Ella creció en un bonito suburbio en las afueras de Louisville, Kentucky. Su papá, Gary, tenía una empresa de contratistas; su mamá, Karen, administraba un campamento de verano llamado Hi-Ho. Jennifer fue la primera niña que nacía del lado de su papá de 50 años, y sus papás la criaron igual que a sus dos hermanos mayores. “No quería que ella fuera una diva”, dice Karen Lawrence. “No me importaba si era muy nena, con que fuera fuerte”. Jennifer era tan fuerte que en el kinder no le dejaban jugar con otras niñas porque era demasiado tosca. “No era su intención lastimarlas”, dice su mamá. “Ellas sólo estaban haciendo galletas mientras ella quería jugar a la pelota”.

Lawrence jugaba softball, hockey sobre pasto y basquetbol en un equipo de niños que dirigía su papá. Pero también fue porrista por varios años.
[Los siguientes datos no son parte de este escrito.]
(* Let $A(x)=\sum_{i=0}^d a_ix^i\in\mathbb{Z}[x]$ have degree $d\ge1$ with $a_0\neq0$, let $m>d$, and let $N=(N_{i,j})$ be the $d\times m$ rational matrix with $N_{i,j}=\delta_{ij}$ for $1\le i,j\le d$ and whose rows are linear recurrences determined by $A$ (i.e. $\sum_{k=0}^d a_kN_{i,j+k}=0$ for $1\le j\le m-d$). Let $p$ be a prime and let $w$ be the abscissa of a vertex of the $p$-adic Newton polygon of $A$. Then the $d\times d$ submatrix of $N$ formed by the columns $1,2,\dots,w,\ m-d+w+1,\dots,m$ is nonsingular. Equivalently, the $(m-d)\times(m-d)$ matrix $U=(a_{w+i-j})_{1\le i,j\le m-d}$ (with $a_k=0$ for $k<0$ or $k>d$) is nonsingular.
   Context: The $p$-adic Newton polygon of $A$ is the lower boundary of the convex hull of the points $(i,v_p(a_i))$, $0\le i\le d$, where $v_p$ is the $p$-adic valuation; its vertices have abscissae $0=w_0<w_1<\dots<w_r=d$. *)

From HB Require Import structures.
From mathcomp Require Import all_boot all_order all_algebra.
Set Implicit Arguments. Unset Strict Implicit. Unset Printing Implicit Defensive.
Import Order.TTheory GRing.Theory Num.Theory.
Local Open Scope ring_scope.

Definition vp (p : nat) (a : int) : nat := logn p (absz a).

(* w is the abscissa of a vertex of the p-adic Newton polygon of A, i.e. of
   the lower boundary of the convex hull of the points (i, v_p(a_i)) with
   a_i <> 0: the point (w, v_p(a_w)) is one of the points and there is a
   (non-vertical) line through it such that all the other points lie
   strictly above it (vertex = exposed point of the lower hull). *)
Definition newton_vertex (p : nat) (A : {poly int}) (w : nat) : Prop :=
  A`_w != 0 /\
  exists s : rat, forall i : nat, i != w -> A`_i != 0 ->
    (vp p (A`_w))%:R + s * (i%:R - w%:R) < (vp p (A`_i))%:R.

(* Entry (i, j) of a d x m matrix with a natural-number column index
   (0-based); 0 if j is out of range. *)
Definition mxat (d m : nat) (N : 'M[rat]_(d, m)) (i : 'I_d) (j : nat) : rat :=
  match @insub _ (fun k => k < m)%N 'I_m j with
  | Some j' => N i j'
  | None => 0
  end.

(* 0-based column selection: columns 0..w-1 and m-d+w..m-1, i.e. the
   1-based columns 1..w, m-d+w+1..m. *)
Definition selcol (d m w : nat) (k : nat) : nat :=
  if (k < w)%N then k else (k + (m - d))%N.

Definition Nsub (d m w : nat) (N : 'M[rat]_(d, m)) : 'M[rat]_d :=
  \matrix_(i < d, k < d) mxat N i (selcol d m w k).

(* U = (a_{w+i-j})_{i,j}, with a_k = 0 for k < 0 (k > d automatic). *)
Definition Umx (A : {poly int}) (n w : nat) : 'M[int]_n :=
  \matrix_(i < n, j < n) (if (j <= w + i)%N then A`_(w + i - j) else 0).

From HB Require Import structures.
From mathcomp Require Import all_boot all_order all_algebra all_fingroup.
Import Order.TTheory GRing.Theory Num.Theory.
Set Implicit Arguments.
Unset Strict Implicit.
Unset Printing Implicit Defensive.
Local Open Scope ring_scope.

(* Proof outline.
   1. U = (a_{w+i-j}) is nonsingular.  Expand det U by the Leibniz formula.
      The identity permutation contributes a_w^n, of p-adic valuation n*v
      with v = v_p(a_w).  For any other permutation sigma, the displacements
      i - sigma(i) sum to zero, so by the supporting line of slope s at the
      vertex (w, v) the valuations of the factors a_{w+i-sigma(i)} add up to
      more than n*v: these terms are divisible by p^(n*v+1), whereas the
      diagonal term is not.
   2. If a row vector c kills the selected columns of N, the combination
      u(t) = sum_i c_i N_{i,t} is a sequence satisfying the recurrence of A
      that vanishes outside the window [w, w+n), n = m - d.  Restricted to
      the window, the recurrence reads (u_w, ..., u_{w+n-1}) U = 0, so u = 0
      by step 1; since the first d columns of N form the identity, c = 0.
   Section UmxNonsingular carries out step 1 for a fixed supporting line;
   sum_supported, window_mul_Umx and recurrent_window_zero treat recurrent
   sequences supported on a window, and Section RowCombination together
   with selcol_cover connects them to the matrix N. *)

Lemma sum_displacement n (sigma : 'S_n) :
  \sum_(i < n) ((i%:R : rat) - (sigma i)%:R) = 0.
Proof.
by rewrite sumrB [X in X - _](reindex_inj (@perm_inj _ sigma)) subrr.
Qed.

Lemma expn_sum_vp_dvd (I : Type) (r : seq I) (P : pred I) (F : I -> int) p :
  (p ^ (\sum_(i <- r | P i) vp p (F i)) %| `|(\prod_(i <- r | P i) F i)%R|)%N.
Proof.
rewrite expn_sum.
apply: (big_ind2 (fun (x : nat) (y : int) => (x %| `|y|)%N)) => //.
- by move=> x1 x2 y1 y2 h1 h2; rewrite abszM dvdn_mul.
- by move=> i _; apply: pfactor_dvdnn.
Qed.

Section UmxNonsingular.

Variables (A : {poly int}) (p w n : nat) (s : rat).
Hypothesis p_prime : prime p.
Hypothesis Aw_neq0 : A`_w != 0.
Hypothesis vertex : forall i : nat, i != w -> A`_i != 0 ->
  (vp p A`_w)%:R + s * (i%:R - w%:R) < (vp p A`_i)%:R.

Local Notation U := (Umx A n w).
Local Notation v := (vp p A`_w).

Lemma Umx_diag_prod : \prod_(i < n) U i i = A`_w ^+ n.
Proof.
rewrite -[n in RHS]card_ord -prodr_const; apply: eq_bigr => i _.
by rewrite mxE leq_addl addnK.
Qed.

Lemma vp_Umx_entry (i j : 'I_n) : U i j != 0 ->
  v%:R + s * (i%:R - j%:R) <= (vp p (U i j))%:R ?= iff (j == i).
Proof.
rewrite mxE; case: leqP => [le_jwi Aij|]; last by rewrite eqxx.
have [-> | ne_ji] := eqVneq j i.
  by rewrite subrr mulr0 addr0 addnK; apply/leifP; rewrite eqxx.
apply/leifP.
have ne_w : (w + i - j)%N != w.
  apply: contra ne_ji => /eqP e; apply/eqP/val_inj/eqP.
  by rewrite -(eqn_add2l w) -(subnK le_jwi) e.
have := vertex ne_w Aij.
by rewrite natrB // natrD [_ - w%:R]addrC !addrA addNr add0r.
Qed.

Lemma Umx_offdiag_dvd (sigma : 'S_n) : sigma != 1%g ->
  (p ^ (n * v).+1 %| `|(\prod_(i < n) U i (sigma i))%R|)%N.
Proof.
move=> sigma_neq1.
have [-> | prod_neq0] := eqVneq (\prod_i U i (sigma i)) 0.
  by rewrite dvdn0.
have entry_neq0 i : U i (sigma i) != 0.
  apply: contraNneq prod_neq0 => h.
  by apply/prodf_eq0; exists i => //; apply/eqP.
have [i0 moved] : exists i, sigma i != i.
  apply/existsP; apply: contraR sigma_neq1 => /existsPn fixed.
  by apply/eqP/permP => i; rewrite perm1; apply/eqP/negPn/fixed.
have lt_val : ((n * v)%:R : rat) < (\sum_(i < n) vp p (U i (sigma i)))%:R.
  have -> : ((n * v)%:R : rat) =
      \sum_(i < n) (v%:R + s * (i%:R - (sigma i)%:R)).
    by rewrite big_split /= -mulr_sumr sum_displacement mulr0 addr0
      sumr_const card_ord mulnC natrM mulr_natr.
  rewrite natr_sum (bigD1 i0) //= [X in _ < X](bigD1 i0) //=.
  apply: ltr_leD; first by rewrite (lt_leif (vp_Umx_entry (entry_neq0 i0))).
  by apply: ler_sum => i _; exact: (vp_Umx_entry (entry_neq0 i)).1.
rewrite ltr_nat in lt_val.
exact: dvdn_trans (dvdn_exp2l p lt_val) (expn_sum_vp_dvd _ _ _ p).
Qed.

(* Modulo p^(n v + 1), det U reduces to the diagonal term a_w^n, which is
   not divisible by p^(n v + 1). *)
Lemma det_Umx_neq0 : \det U != 0.
Proof.
rewrite /determinant (bigD1 1%g) //= odd_perm1 expr0 mul1r.
under eq_bigr do rewrite perm1; rewrite Umx_diag_prod.
set rest := \sum_(_ | _) _.
have dvd_rest : (((p ^ (n * v).+1)%N)%:Z %| rest)%Z.
  apply: rpred_sum => sigma sigma_neq1; apply: dvdz_mull.
  by rewrite dvdzE; apply: Umx_offdiag_dvd.
apply/negP => /eqP det0.
have : (((p ^ (n * v).+1)%N)%:Z %| A`_w ^+ n)%Z.
  by rewrite -(addrK rest (A`_w ^+ n)) det0 sub0r rpredN.
rewrite dvdzE abszX pfactor_dvdn //; last by rewrite expn_gt0 absz_gt0 Aw_neq0.
by rewrite lognX mulnC ltnn.
Qed.

End UmxNonsingular.

Lemma sum_supported (R : nmodType) (F : nat -> R) (a len T : nat) :
  (a + len <= T)%N -> (forall t, (t < a)%N || (a + len <= t)%N -> F t = 0) ->
  \sum_(l < len) F (a + l)%N = \sum_(0 <= t < T) F t.
Proof.
move=> le_T supp.
have out_zero b e :
    (forall t, (b <= t < e)%N -> F t = 0) -> \sum_(b <= t < e) F t = 0.
  by move=> h; rewrite big_nat_cond big1 // => t /andP[/h].
rewrite (big_cat_nat (n := a)) //=; last exact: leq_trans (leq_addr _ _) le_T.
rewrite out_zero ?add0r => [|t /andP[_ lt_ta]]; last by rewrite supp ?lt_ta.
rewrite (big_cat_nat (n := a + len)) ?leq_addr //=.
rewrite [X in _ + X]out_zero ?addr0 => [|t /andP[le_t _]];
  last by rewrite supp ?le_t ?orbT.
rewrite (big_addn 0 (a + len) a) addKn big_mkord.
by apply: eq_bigr => l _; rewrite addnC.
Qed.

Lemma window_mul_Umx (A : {poly int}) (n w K : nat) (u : nat -> rat) :
  (size A <= K)%N -> (forall t, (t < w)%N || (w + n <= t)%N -> u t = 0) ->
  (\row_(l < n) u (w + l)%N) *m map_mx intr (Umx A n w) =
  \row_(j < n) \sum_(k < K) (A`_k)%:~R * u (j + k)%N.
Proof.
move=> le_AK u_supp; apply/rowP => j; rewrite !mxE.
pose f t := u t * (if (j <= t)%N then A`_(t - j) else 0)%:~R.
pose T := (w + n + (j + K))%N.
transitivity (\sum_(0 <= t < T) f t).
  rewrite -(@sum_supported _ f w n T) ?leq_addr //; last first.
    by move=> t /u_supp u0; rewrite /f u0 mul0r.
  by apply: eq_bigr => l _; rewrite !mxE.
rewrite -(@sum_supported _ f j K T) ?leq_addl //; last first.
  move=> t /orP[lt_tj | le_jK]; first by rewrite /f leqNgt lt_tj mulr0.
  have le_jt : (j <= t)%N := leq_trans (leq_addr _ _) le_jK.
  rewrite /f le_jt nth_default ?mulr0 // leq_subRL //.
  by rewrite (leq_trans _ le_jK) ?leq_add2l.
by apply: eq_bigr => k _; rewrite /f leq_addr addKn mulrC.
Qed.

Lemma recurrent_window_zero (A : {poly int}) (n w K : nat) (u : nat -> rat) :
  \det (Umx A n w) != 0 -> (size A <= K)%N ->
  (forall t, (t < w)%N || (w + n <= t)%N -> u t = 0) ->
  (forall j, (j < n)%N -> \sum_(k < K) (A`_k)%:~R * u (j + k)%N = 0) ->
  forall t, u t = 0.
Proof.
move=> detU le_AK u_supp u_rec t.
have [/andP[le_wt lt_t] | out] := boolP ((w <= t) && (t < w + n))%N; last first.
  by apply: u_supp; rewrite ltnNge [(w + n <= t)%N]leqNgt -negb_and.
have window0 : \row_(l < n) u (w + l)%N = 0.
  have unitU : (map_mx intr (Umx A n w) : 'M[rat]_n) \in unitmx.
    by rewrite unitmxE unitfE det_map_mx intr_eq0.
  rewrite -[LHS](mulmxK unitU) (window_mul_Umx le_AK u_supp).
  have -> : \row_(j < n) \sum_(k < K) (A`_k)%:~R * u (j + k)%N = 0.
    by apply/rowP => j; rewrite !mxE u_rec.
  by rewrite mul0mx.
have lt_tw : (t - w < n)%N by rewrite ltn_subLR.
have := congr1 (fun r : 'rV[rat]_n => r 0 (Ordinal lt_tw)) window0.
by rewrite !mxE subnKC.
Qed.

Section RowCombination.

Variables (d m : nat) (N : 'M[rat]_(d, m)) (c : 'rV[rat]_d).

Definition rowcomb (t : nat) : rat := \sum_(i < d) c 0 i * mxat N i t.

Lemma rowcomb_out t : (m <= t)%N -> rowcomb t = 0.
Proof.
by move=> le_mt; apply: big1 => i _; rewrite /mxat insubN ?mulr0 // -leqNgt.
Qed.

Lemma rowcomb_Nsub w (k : 'I_d) :
  (c *m Nsub w N) 0 k = rowcomb (selcol d m w k).
Proof. by rewrite mxE; apply: eq_bigr => i _; rewrite mxE. Qed.

Lemma rowcomb_rec (a : nat -> rat) (K j : nat) :
  (forall i : 'I_d, \sum_(k < K) a k * mxat N i (j + k) = 0) ->
  \sum_(k < K) a k * rowcomb (j + k) = 0.
Proof.
move=> rec; under eq_bigr do rewrite mulr_sumr.
rewrite exchange_big /= big1 // => i _.
transitivity (c 0 i * \sum_(k < K) a k * mxat N i (j + k)).
  by rewrite mulr_sumr; apply: eq_bigr => k _; rewrite mulrCA.
by rewrite rec mulr0.
Qed.

Lemma rowcomb_id (i : 'I_d) :
  (forall (i' : 'I_d) j, (j < d)%N -> mxat N i' j = (i' == j :> nat)%:R) ->
  rowcomb i = c 0 i.
Proof.
move=> N_id; rewrite /rowcomb (bigD1 i) //= N_id // eqxx mulr1 big1 ?addr0 //.
by move=> i' ne; rewrite N_id // (inj_eq val_inj) (negbTE ne) mulr0.
Qed.

End RowCombination.

Lemma selcol_cover (d m w t : nat) : (w <= d)%N -> (d <= m)%N -> (t < m)%N ->
  (t < w)%N || (w + (m - d) <= t)%N -> exists k : 'I_d, selcol d m w k = t.
Proof.
move=> le_wd le_dm lt_tm /orP[lt_tw | le_t].
  by exists (Ordinal (leq_trans lt_tw le_wd)); rewrite /selcol /= lt_tw.
have le_nt : (m - d <= t)%N := leq_trans (leq_addl w _) le_t.
have lt_k : (t - (m - d) < d)%N by rewrite ltn_subLR // subnK.
exists (Ordinal lt_k); rewrite /selcol /= ltnNge leq_subRL // addnC le_t /=.
by rewrite subnK.
Qed.

Unset Implicit Arguments.

Theorem mainTheorem6 (A : {poly int}) (m : nat) (N : 'M[rat]_((size A).-1, m))
    (p w : nat) :
  (1 <= (size A).-1)%N ->
  A`_0 != 0 ->
  ((size A).-1 < m)%N ->
  (forall (i : 'I_(size A).-1) (j : nat), (j < (size A).-1)%N ->
     mxat N i j = (i == j :> nat)%:R) ->
  (forall (i : 'I_(size A).-1) (j : nat), (j < m - (size A).-1)%N ->
     \sum_(k < (size A).-1.+1) (A`_k)%:~R * mxat N i (j + k) = 0) ->
  prime p ->
  newton_vertex p A w ->
  \det (Nsub w N) != 0 /\
  \det (Umx A (m - (size A).-1) w) != 0.
Proof.
move=> d_gt0 _ lt_dm N_id N_rec p_prime [Aw_neq0 [s vertex]].
have size_A : size A = (size A).-1.+1 by case: (size A) d_gt0.
set d := (size A).-1 in N N_id N_rec lt_dm size_A *.
set n := (m - d)%N in N_rec *.
have detU : \det (Umx A n w) != 0 := det_Umx_neq0 n p_prime Aw_neq0 vertex.
split=> //.
have le_wd : (w <= d)%N.
  rewrite -ltnS -size_A ltnNge.
  by apply: contra Aw_neq0 => /(nth_default 0) ->.
apply/negP => /det0P [c c_neq0 cN0].
have u_supp t : (t < w)%N || (w + n <= t)%N -> rowcomb N c t = 0.
  move=> out; have [lt_tm | ] := ltnP t m; last exact: rowcomb_out.
  have [k <-] := selcol_cover le_wd (ltnW lt_dm) lt_tm out.
  by rewrite -rowcomb_Nsub cN0 mxE.
have u_rec j : (j < n)%N ->
    \sum_(k < d.+1) (A`_k)%:~R * rowcomb N c (j + k) = 0.
  move=> lt_jn; apply: (rowcomb_rec c (a := fun k => (A`_k)%:~R)) => i.
  exact: N_rec.
have u0 := recurrent_window_zero detU (eq_leq size_A) u_supp u_rec.
by case/eqP: c_neq0; apply/rowP => i; rewrite mxE -(rowcomb_id c i N_id) u0.
Qed.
Cuando tenía 9 años, Lawrence salió en una obra de teatro en la iglesia basado en El libro de Jonás. Hacía de una prostituta de Nínive y se “robó” la obra. “Las otras niñas se quedaban ahí paradas con su lápiz labial puesto”, dice su mamá, “pero ella entró moviendo el bote y exhibiendo sus cualidades. Nuestros amigos nos decían: ‘No sabemos si felicitarlos o no, porque su hija es una verdadera prostituta’”.